How to consume Grilled Chicken, Quinoa without glucose spikes

Balanced Meal Composition

Pair your grilled chicken and quinoa with plenty of non-starchy vegetables like leafy greens, broccoli, or bell peppers. These can help slow down the absorption of glucose.

Portion Control

Keep an eye on portion sizes of both the grilled chicken and quinoa to avoid consuming more carbohydrates than your body can process efficiently.

Include Healthy Fats

Add healthy fats such as avocado, nuts, or seeds to your meal. These can help stabilize blood sugar levels.

Eat Fiber-Rich Foods

Incorporate foods high in fiber such as lentils, beans, or chickpeas as part of your meal to help regulate blood sugar levels.

Hydration

Drink plenty of water throughout the day. Staying hydrated can help your body process glucose more effectively.

Physical Activity

Engage in light physical activity, such as a walk, after your meal to help your body use up some of the glucose in your bloodstream.

Slow Eating

Take your time when eating your meal.
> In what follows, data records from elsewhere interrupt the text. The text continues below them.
Lemma renyi_gap_equiv (Q G h : R -> R) : (forall t, Q t = G t / ((alpha - 1) * S)) ->
  G @ 0^'+ --> 0 -> h @ 0^'+ --> 0 -> (\forall t \near 0^'+, G t != 0) ->
  (forall t, 0 < t -> f t - S = G t * (1 + h t)) ->
  (fun t => (renyi alpha p - renyi alpha (perturb N1 p c t)) / Q t) @ 0^'+ --> (1 : R).
Proof.
move=> QE G0 h0 G_neq0 fE.
have f_near : \forall t \near 0^'+, f t = S + G t * (1 + h t).
  by near=> t; rewrite -fE ?(addrC S) ?subrK //; near: t; exact: nbhs_right_gt.
apply: cvg_trans _ (ln_sub_equiv S_gt0 G0 h0 G_neq0 f_near); apply: near_eq_cvg.
near=> t; rewrite renyi_gapE QE; field.
rewrite gt_eqF ?S_gt0 // subr_eq0 lt_eqF //=; near: t; exact: G_neq0.
Unshelve. all: by end_near. Qed.

Lemma renyi_gap_equiv_support : (exists k : 'I_N, (k < N1)%N /\ c k != 0) ->
  (fun eps => (renyi alpha p - renyi alpha (perturb N1 p c eps)) /
     (eps `^ alpha / (alpha - 1) * C0 * S^-1)) @ 0^'+ --> (1 : R).
Proof.
case=> k [k_lt ck_neq0].
have C0_gt0 : 0 < C0.
  apply: (@psumr_gt0 _ _ _ _ k) => // [j _|]; first exact: powR_ge0.
  by apply: powR_gt0; rewrite lt_def ck_neq0 c_ge0.
have := (@renyi_gap_equiv (fun t => t `^ alpha / (alpha - 1) * C0 * S^-1) (fun t => t `^ alpha * C0)
  (fun t => t `^ (1 - alpha) * ((alpha * C1 + t * (K * C2 + rho t / t ^+ 2)) / C0))).
move=> H; refine (H _ _ _ _ _).
- by move=> t; rewrite invfM; ring.
- rewrite -[X in _ --> X](mul0r C0); apply: cvgM; [exact: powR_cvg0 | exact: cvg_cst].
- rewrite -[X in _ --> X](mul0r ((alpha * C1 + 0 * (K * C2 + 0)) / C0)).
  apply: cvgM; first by apply: powR_cvg0; rewrite subr_gt0.
  apply: cvgM; last exact: cvg_cst.
  apply: cvgD; first exact: cvg_cst.
  apply: cvgM; first exact: cvg_id_at_right0.
  by apply: cvgD; [exact: cvg_cst | exact: rho_small].
- near=> t; have t_gt0 : 0 < t by near: t; exact: nbhs_right_gt.
  by rewrite mulf_neq0 ?gt_eqF ?powR_gt0.
- move=> t t_gt0; rewrite perturb_expansion ?ltW //.
  have u_gt0 : 0 < t `^ (1 - alpha) by rewrite powR_gt0.
  have -> : t `^ alpha = t / t `^ (1 - alpha).
    rewrite powRB ?(gt_eqF t_gt0) ?implybT // powRr1 ?ltW //.
    by field; rewrite !gt_eqF ?powR_gt0.
  by field; rewrite !gt_eqF.
Unshelve. all: by end_near. Qed.

Section support_unperturbed.
Hypothesis c_zero : forall k : 'I_N, (k < N1)%N -> c k = 0.

Lemma C0_eq0 : C0 = 0.
Proof. by rewrite big1 // => k /c_zero ->; rewrite powR0 ?gt_eqF. Qed.

Lemma renyi_gap_equiv_linear : C1 != 0 ->
  (fun eps => (renyi alpha p - renyi alpha (perturb N1 p c eps)) /
     (alpha * eps / (alpha - 1) * C1 * S^-1)) @ 0^'+ --> (1 : R).
Proof.
move=> C1_neq0.
apply: (@renyi_gap_equiv (fun t => alpha * t / (alpha - 1) * C1 * S^-1)
  (fun t => alpha * t * C1) (fun t => t * ((K * C2 + rho t / t ^+ 2) / (alpha * C1)))).
- by move=> t; rewrite invfM; ring.
- rewrite -[X in _ --> X](mul0r C1); apply: cvgM; last exact: cvg_cst.
  rewrite -[X in _ --> X](mulr0 alpha).
  by apply: cvgM; [exact: cvg_cst | exact: cvg_id_at_right0].
- rewrite -[X in _ --> X](mul0r ((K * C2 + 0) / (alpha * C1))).
  apply: cvgM; first exact: cvg_id_at_right0.
  apply: cvgM; last exact: cvg_cst.
  by apply: cvgD; [exact: cvg_cst | exact: rho_small].
- near=> t; have t_gt0 : 0 < t by near: t; exact: nbhs_right_gt.
  by rewrite !mulf_neq0 ?(gt_eqF t_gt0) ?(gt_eqF alpha_gt0).
- move=> t t_gt0; rewrite perturb_expansion ?ltW // C0_eq0.
  by field; rewrite C1_neq0 !gt_eqF.
Unshelve. all: by end_near. Qed.

Lemma renyi_gap_equiv_quadratic : (exists k, c k != 0) -> C1 = 0 ->
  (fun eps => (renyi alpha p - renyi alpha (perturb N1 p c eps)) /
     (alpha * eps ^+ 2 / 2 * C2 * S^-1)) @ 0^'+ --> (1 : R).
Proof.
move=> [k ck_neq0] C1_eq0.
have k_ge : (N1 <= k)%N by rewrite leqNgt; apply: contra ck_neq0 => /c_zero ->.
have C2_gt0 : 0 < C2.
  apply: (@psumr_gt0 _ _ _ _ k) => // [j _|]; first by rewrite mulr_ge0 ?sqr_ge0 ?powR_ge0.
  by rewrite mulr_gt0 ?powR_gt0 ?p_gt0 // lt_def sqr_ge0 sqrf_eq0 ck_neq0.
have K_neq0 : K != 0.
  by rewrite !mulf_neq0 ?invr_eq0 ?pnatr_eq0 ?(gt_eqF alpha_gt0) // subr_eq0 lt_eqF.
apply: (@renyi_gap_equiv (fun t => alpha * t ^+ 2 / 2 * C2 * S^-1)
  (fun t => K * C2 * (t * t)) (fun t => rho t / t ^+ 2 / (K * C2))).
- by move=> t; field; rewrite (gt_eqF S_gt0) subr_eq0 lt_eqF.
- rewrite -[X in _ --> X](mulr0 (K * C2)); apply: cvgM; first exact: cvg_cst.
  by rewrite -[X in _ --> X](mul0r 0); apply: cvgM; exact: cvg_id_at_right0.
- rewrite -[X in _ --> X](mul0r (K * C2)^-1).
  by apply: cvgM; [exact: rho_small | exact: cvg_cst].
- near=> t; have t_neq0 : t != 0 by rewrite gt_eqF //; near: t; exact: nbhs_right_gt.
  exact: mulf_neq0 (mulf_neq0 K_neq0 (lt0r_neq0 C2_gt0)) (mulf_neq0 t_neq0 t_neq0).
- move=> t t_gt0; rewrite perturb_expansion ?ltW // C0_eq0 C1_eq0.
  by field; rewrite (gt_eqF C2_gt0) (gt_eqF alpha_gt0) (gt_eqF t_gt0) subr_eq0 lt_eqF.
Unshelve. all: by end_near. Qed.

End support_unperturbed.

End renyi_perturbation.

Theorem mainTheorem8 (R : realType) (alpha : R) (N N1 : nat) (p c : 'I_N -> R) :
  0 < alpha < 1 ->
  (1 <= N)%N -> (N1 < N)%N ->
  (forall k, 0 <= p k) -> \sum_(k < N) p k = 1 ->
  (forall k : 'I_N, (k < N1)%N -> p k = 0) ->
  (forall k : 'I_N, (N1 <= k)%N -> 0 < p k) ->
  (exists k, c k != 0) ->
  (forall k : 'I_N, (k < N1)%N -> 0 <= c k <= 1) ->
  (forall k : 'I_N, (N1 <= k)%N -> `|c k| <= 1) ->
  \sum_(k < N) c k = 0 ->
  let S := \sum_(k < N | (N1 <= k)%N) p k `^ alpha in
  let D := fun eps => renyi alpha p - renyi alpha (perturb N1 p c eps) in
  (* (i) *)
  ((exists k : 'I_N, (k < N1)%N /\ c k != 0) ->
     (fun eps => D eps /
        (eps `^ alpha / (alpha - 1) * (\sum_(k < N | (k < N1)%N) c k `^ alpha)
           * S^-1))
     @ 0^'+ --> (1 : R)) /\
  (* (ii) *)
  ((forall k : 'I_N, (k < N1)%N -> c k = 0) ->
   \sum_(k < N | (N1 <= k)%N) c k * p k `^ (alpha - 1) != 0 ->
     (fun eps => D eps /
        (alpha * eps / (alpha - 1)
           * (\sum_(k < N | (N1 <= k)%N) c k * p k `^ (alpha - 1)) * S^-1))
     @ 0^'+ --> (1 : R)) /\
  (* (iii) *)
  ((forall k : 'I_N, (k < N1)%N -> c k = 0) ->
   \sum_(k < N | (N1 <= k)%N) c k * p k `^ (alpha - 1) = 0 ->
     (fun eps => D eps /
        (alpha * eps ^+ 2 / 2
           * (\sum_(k < N | (N1 <= k)%N) c k ^+ 2 * p k `^ (alpha - 2)) * S^-1))
     @ 0^'+ --> (1 : R)).
Proof.
move=> /andP[alpha_gt0 alpha_lt1] _ N1_lt_N _ _ p_zero p_gt0 c_neq0 c_bounds _ _ S D.
have c_ge0 (k : 'I_N) : (k < N1)%N -> 0 <= c k by move/c_bounds/andP=> [].
split; [|split].
- exact: renyi_gap_equiv_support.
- by move=> c_zero; apply: renyi_gap_equiv_linear.
- by move=> c_zero; apply: renyi_gap_equiv_quadratic.
Qed.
Chewing slowly can help your body better manage the digestion and absorption of carbohydrates.

Monitor Carbohydrate Intake

Keep track of your total carbohydrate intake throughout the day to ensure you're not unintentionally consuming too much.

Mindful Eating

Pay attention to hunger and fullness cues to avoid overeating, which can contribute to glucose spikes.

Consult a Dietitian

Work with a healthcare professional to create a personalized meal plan that fits your specific health needs and goals.